ARCA Lincoln Welders Truck Series
- Sport: Auto racing
- Founded: 1999
- Ceased: 2016
- Countries: United States; Canada;
- Last champion(s): Shawn Szep

= ARCA Lincoln Welders Truck Series =

Racing series

The ARCA Truck Series was a pickup truck racing series which ran on numerous short tracks throughout the American Midwest, running in Indiana, Ohio, Pennsylvania, Kentucky and Michigan. Sanctioned by the Automobile Racing Club of America, it raced mid-size trucks with V6 and V8 engines unlike the NASCAR Camping World Truck Series which ran full-size trucks. Most of the teams in the series were owner-driver combinations or family-owned. It was announced January 9, 2017 that the series would cease operations, effective immediately.

==History==
The ARCA Truck Series ran exhibition races late in 1998 with the first full season in 1999. The series evolved from the series which ARCA sanctioned from 1990 through 1998 called The Pro 4 Series. The Pro 4 Series cars were full tube chassis stock cars with highly modified 4-cylinder engines. Both full body and open-wheel cars competed in the series together. With the popularity of the NASCAR Camping World Truck Series and trucks in general, a long time ARCA official came up with the idea to race compact trucks.

The inaugural season consisted of eleven asphalt and four dirt races in four states in the Midwest. The series produced ten different winners but sixteen-year-old Aaron Hulings dominated the series with six wins and eight pole awards but sat out the last race of the season for unknown reasons and the championship went to Pro 4 Series veteran Bill Withers. The decision to go to trucks was popular with fans and competitors alike. Over twenty three different trucks with twenty five drivers competed in the fifteen races the first season.

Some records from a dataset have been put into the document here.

Lemma perturb_step : (exists e, d e != 0) ->
  exists2 eps, 0 < eps &
    [/\ frac_matching (fun e => x e + eps * d e),
        bipartite_support (fun e => x e + eps * d e) &
        (frac_measure (fun e => (x e + eps * d e)%R) < frac_measure x)%N].
Proof.
move=> [e1 de1_neq0].
have d0 e : x e = 0 -> d e = 0.
  by move=> xe0; have [//|/d_supp] := eqVneq (d e) 0; rewrite inE xe0 ltxx.
(* Slacks of the constraints [0 <= x e] and [deg x v <= 1] and their rates along [d]. *)
pose a i := match i with inl e => x e | inr v => 1 - deg x v end.
pose b i := match i with inl e => d e | inr v => - deg d v end.
have a_ge0 i : 0 <= a i.
  by case: i => [e|v] /=; rewrite ?subr_ge0; [exact: fx.1 | exact: fx.2].
have b_ge0 i : a i = 0 -> 0 <= b i.
  by case: i => [e|v] /= ai0; [rewrite d0 | rewrite d_bal ?oppr0 //; lra].
have b_neg : exists i, b i < 0.
  have [e de_lt0|d_ge0] := pickP (fun e => d e < 0); first by exists (inl e).
  have {}d_ge0 e : 0 <= d e by rewrite leNgt d_ge0.
  exists (inr (head e1)); rewrite /= oppr_lt0.
  have e1_head : incident e1 (head e1) by rewrite /incident eqxx orbT.
  apply: lt_le_trans (le_deg d_ge0 e1_head).
  by rewrite lt_neqAle eq_sym de1_neq0 d_ge0.
have [eps eps_gt0 [ab_ge0 [i ai_gt0 ai0]]] := max_feasible_step a_ge0 b_ge0 b_neg.
exists eps => //; split.
- split => [e|v]; first exact: (ab_ge0 (inl e)).
  by rewrite deg_perturb; have := ab_ge0 (inr v); rewrite /=; lra.
- exact: bipartite_support_perturb.
have sub_F := frac_edges_perturb eps; have sub_S := slack_vertices_perturb eps.
rewrite /frac_measure; case: i ai_gt0 ai0 => [e|v] /= ai_gt0 ai0.
  have /proper_card : frac_edges (fun e => x e + eps * d e) \proper frac_edges x.
    apply/properP; split => //; exists e; last by rewrite inE ai0 ltxx.
    by apply: d_supp; apply/eqP => de0; move: ai0; rewrite de0 mulr0 addr0; lra.
  by move=> ltF; rewrite -addSn leq_add // subset_leq_card.
have /proper_card : slack_vertices (fun e => x e + eps * d e) \proper slack_vertices x.
  apply/properP; split => //; exists v; rewrite inE; first lra.
  by rewrite deg_perturb; lra.
by move=> ltS; rewrite -addnS leq_add // subset_leq_card.
Qed.

End Perturbation.

Lemma bipartite_frac_matching_conv x :
  frac_matching x -> bipartite_support x -> conv (matching_vec tail head) x.
Proof.
move: {2}(frac_measure x).+1 (ltnSn (frac_measure x)) => n.
elim: n x => // n IH x x_lt fx bx.
have [F0|F_neq0] := eqVneq (frac_edges x) set0.
  exact/conv_mem/frac_matching_integral.
have [d [d_supp d_bal [e de_neq0]]] := exists_balanced_direction fx bx F_neq0.
have [eps1 eps1_gt0 [f1 b1 m1]] := perturb_step fx bx d_supp d_bal (ex_intro _ e de_neq0).
have dN_supp e' : - d e' != 0 -> e' \in frac_edges x by rewrite oppr_eq0; exact: d_supp.
have dN_bal v : deg x v = 1 -> deg (fun e' => - d e') v = 0.
  by move=> tight; rewrite degN d_bal // oppr0.
have dN_nz : exists e', - d e' != 0 by exists e; rewrite oppr_eq0.
have [eps2 eps2_gt0 [f2 b2 m2]] := perturb_step fx bx dN_supp dN_bal dN_nz.
have := conv_segment (mu := eps2 / (eps1 + eps2)) _
  (IH _ (leq_trans m1 (ltnSE x_lt)) f1 b1) (IH _ (leq_trans m2 (ltnSE x_lt)) f2 b2).
have -> : (fun e => eps2 / (eps1 + eps2) * (x e + eps1 * d e) +
                    (1 - eps2 / (eps1 + eps2)) * (x e + eps2 * - d e)) = x.
  by apply/funext => e'; field; lra.
apply; rewrite divr_ge0 ?ler_pdivrMr ?addr_gt0 ?ltW //=; lra.
Qed.

End BipartiteFracMatching.

Section Relaxation.
Variables (R : realType) (V E : finType) (tail head : E -> V).
Hypothesis tail_neq_head : forall e, tail e != head e.
Local Notation indeg := (x_delta_in tail head).
Implicit Types x : E -> R.

Lemma relaxed_indeg01 x v : relaxed_set tail head x -> indeg x v = 0 \/ indeg x v = 1.
Proof.
move=> [x_ge0 [deg_le1 /(_ v)[z indeg_z]]].
have indeg_ge0 : 0 <= indeg x v by rewrite sumr_ge0.
have indeg_le1 : indeg x v <= 1 := le_trans (indeg_le_deg tail head v x_ge0) (deg_le1 v).
rewrite indeg_z ler0z in indeg_ge0; rewrite indeg_z lerz1 in indeg_le1.
rewrite indeg_z; have /orP[/eqP-> | /eqP->] : (z == 0) || (z == 1) by lia.
  by left.
by right.
Qed.

Lemma relaxed_bipartite x :
  relaxed_set tail head x -> bipartite_support tail head (fun v => indeg x v == 1) x.
Proof.
move=> rx e xe_neq0; have [x_ge0 [deg_le1 _]] := rx.
have xe_gt0 : 0 < x e by rewrite lt_neqAle eq_sym xe_neq0 x_ge0.
apply/andP; split.
  apply/eqP => indeg_tail; have := indeg_tail_le tail_neq_head e x_ge0.
  by rewrite indeg_tail; have := deg_le1 (tail e); lra.
have := le_indeg_head tail head e x_ge0.
by case: (relaxed_indeg01 (head e) rx) => ->; [lra | rewrite eqxx].
Qed.

Lemma matching_vec_relaxed x : matching_vec tail head x -> relaxed_set tail head x.
Proof.
move=> mx; have [x_ge0 deg_le1] := matching_vec_frac mx.
split=> //; split=> // v; case: mx => M [_ ->].
exists (\sum_(e | head e == v) (e \in M))%N%:Z.
by rewrite /x_delta_in /char_vec -natr_sum.
Qed.

Lemma matching_polytope_relaxed :
  @matching_polytope R V E tail head = conv (relaxed_set tail head).
Proof.
apply/funext => x; apply/propext; split; first exact/conv_sub/matching_vec_relaxed.
move=> rx; apply: (conv_idem (S := matching_vec tail head)).
apply: conv_sub rx => y ry; apply: bipartite_frac_matching_conv => //.
  by case: ry => y_ge0 [deg_le1 _].
exact: relaxed_bipartite.
Qed.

==Rules and truck bodies==
The basic rules required the use of a tube frame racing chassis from ARCA approved builders, stock appearing fiberglass body from PMG approved suppliers, and specification Hoosier Racing Tire. Body
styles are Mid-size trucks, the Ford Ranger, Chevrolet S-10 and the Chevrolet Colorado, Dodge Dakota, and Toyota Tacoma. The rules were very stable during the history of the series, the biggest change being the introduction of V8 engines in 2011. The V8 proved to be much more reliable and cost-effective than the V6 and the 4-cylinder engines partially because of the rules the ARCA Truck Series established: additionally, the fans seemed to be more interested in the V8-powered trucks.